#### [EXERCISE INPUTS]
Lemma pair_sublevel_trans p q r : pair_sublevel p q ->
  sublevel q.1 r.1 -> sublevel q.2 r.2 -> pair_sublevel p r.
Proof.
case=> p1q1 p1q2 p2q1 p2q2 q1r1 q2r2.
by split; [exact: sublevel_trans p1q1 q1r1 | exact: sublevel_trans p1q2 q2r2 |
           exact: sublevel_trans p2q1 q1r1 | exact: sublevel_trans p2q2 q2r2].
Qed.

Lemma limL_val I (F : I -> @level d V E) x : ldom (limL F) x ->
  exists i, ldom (F i) x /\ lval (limL F) x = lval (F i) x.
Proof.
rewrite /limL /=; case: excluded_middle_informative => // x_in _.
set i := proj1_sig _; exists i; split=> //.
exact: proj2_sig (constructive_indefinite_description _ x_in).
Qed.

Lemma limL_sub I (F : I -> @level d V E) Q :
  (forall i, sublevel (F i) Q) -> sublevel (limL F) Q.
Proof.
move=> FQ x /limL_val [i [Fx ->]]; exact: FQ.
Qed.

Lemma sublevel_limL I (F : I -> @level d V E) i :
  level_chain F -> sublevel (F i) (limL F).
Proof.
move=> chainF x Fx; have [|j [Fjx ->]] := @limL_val I F x; first by exists i.
split; first by exists i.
by case: (chainF i j) => [/(_ x Fx) [_ ->] | /(_ x Fjx) [_ ->]].
Qed.

End Sublevel.

Section Cover.
Context {d : Order.disp_t} {V : latticeType d} {E : porderZmodType}.

Lemma sublattice_valuation_of_cover (D : V -> Prop) (f : V -> E) :
  (forall x y, D x -> D y -> exists (D' : V -> Prop) (f' : V -> E),
     [/\ sublattice D', valuation D' f', D' x, D' y &
         forall z, D' z -> D z /\ f z = f' z]) ->
  sublattice D /\ valuation D f.
Proof.
move=> cover; split; [|split] => x y Dx Dy.
- have [D' [f' [sub' _ D'x D'y back]]] := cover x y Dx Dy.
  by have [/back [? _] /back [? _]] := sub' x y D'x D'y.
- have [D' [f' [_ [mon' _] D'x D'y back]]] := cover x y Dx Dy.
  by rewrite (back x D'x).2 (back y D'y).2; exact: mon'.
- have [D' [f' [sub' [_ mod'] D'x D'y back]]] := cover x y Dx Dy.
  have [D'm D'j] := sub' x y D'x D'y.
  rewrite (back _ D'm).2 (back _ D'j).2 (back x D'x).2 (back y D'y).2.
  exact: mod'.
Qed.

End Cover.

(* Π and Σ differ only in the monotonicity and limit notions used, so they are
   treated as two instances of one construction; [PiL Q] and [SigL Q] are
   convertible to [ext_level Pi_mode Q] and [ext_level Sig_mode Q]. *)
Record limit_mode {d : Order.disp_t} (V : latticeType d) (E : porderZmodType) :=
  LimitMode {
    lm_mono : (nat -> V) -> Prop;
    lm_limV : (nat -> V) -> V -> Prop;
    lm_limE : (nat -> E) -> E -> Prop;
    lm_mono_cst : forall x, lm_mono (fun _ => x);
    lm_limV_cst : forall x, lm_limV (fun _ => x) x;
    lm_limE_cst : forall x, lm_limE (fun _ => x) x }.

Section Extension.
Context {d : Order.disp_t} {V : latticeType d} {E : porderZmodType}.
Variable m : limit_mode V E.
Local Notation mono := (lm_mono m).
Local Notation limV := (lm_limV m).
Local Notation limE := (lm_limE m).
Implicit Types (D : V -> Prop) (f : V -> E) (P Q T : @level d V E).

Definition conv D f (a : nat -> V) : Prop :=
  (forall n, D (a n)) /\ mono a /\ (exists c, limV a c) /\
  (exists e, limE (fun n => f (a n)) e).

Definition ext_set D f : V -> Prop := fun c => exists a, conv D f a /\ limV a c.

Definition extendible D f : Prop :=
  exists psi : V -> E,
    sublattice (ext_set D f) /\ valuation (ext_set D f) psi /\
    (forall a c e, conv D f a -> limV a c -> limE (fun n => f (a n)) e -> psi c = e).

#### [WHAT YOU WILL DO]
Every line that includes "chainF" must be copied from the material above.

#### [ANSWER TO THIS EXERCISE]
move=> chainF x Fx; have [|j [Fjx ->]] := @limL_val I F x; first by exists i.
by case: (chainF i j) => [/(_ x Fx) [_ ->] | /(_ x Fjx) [_ ->]].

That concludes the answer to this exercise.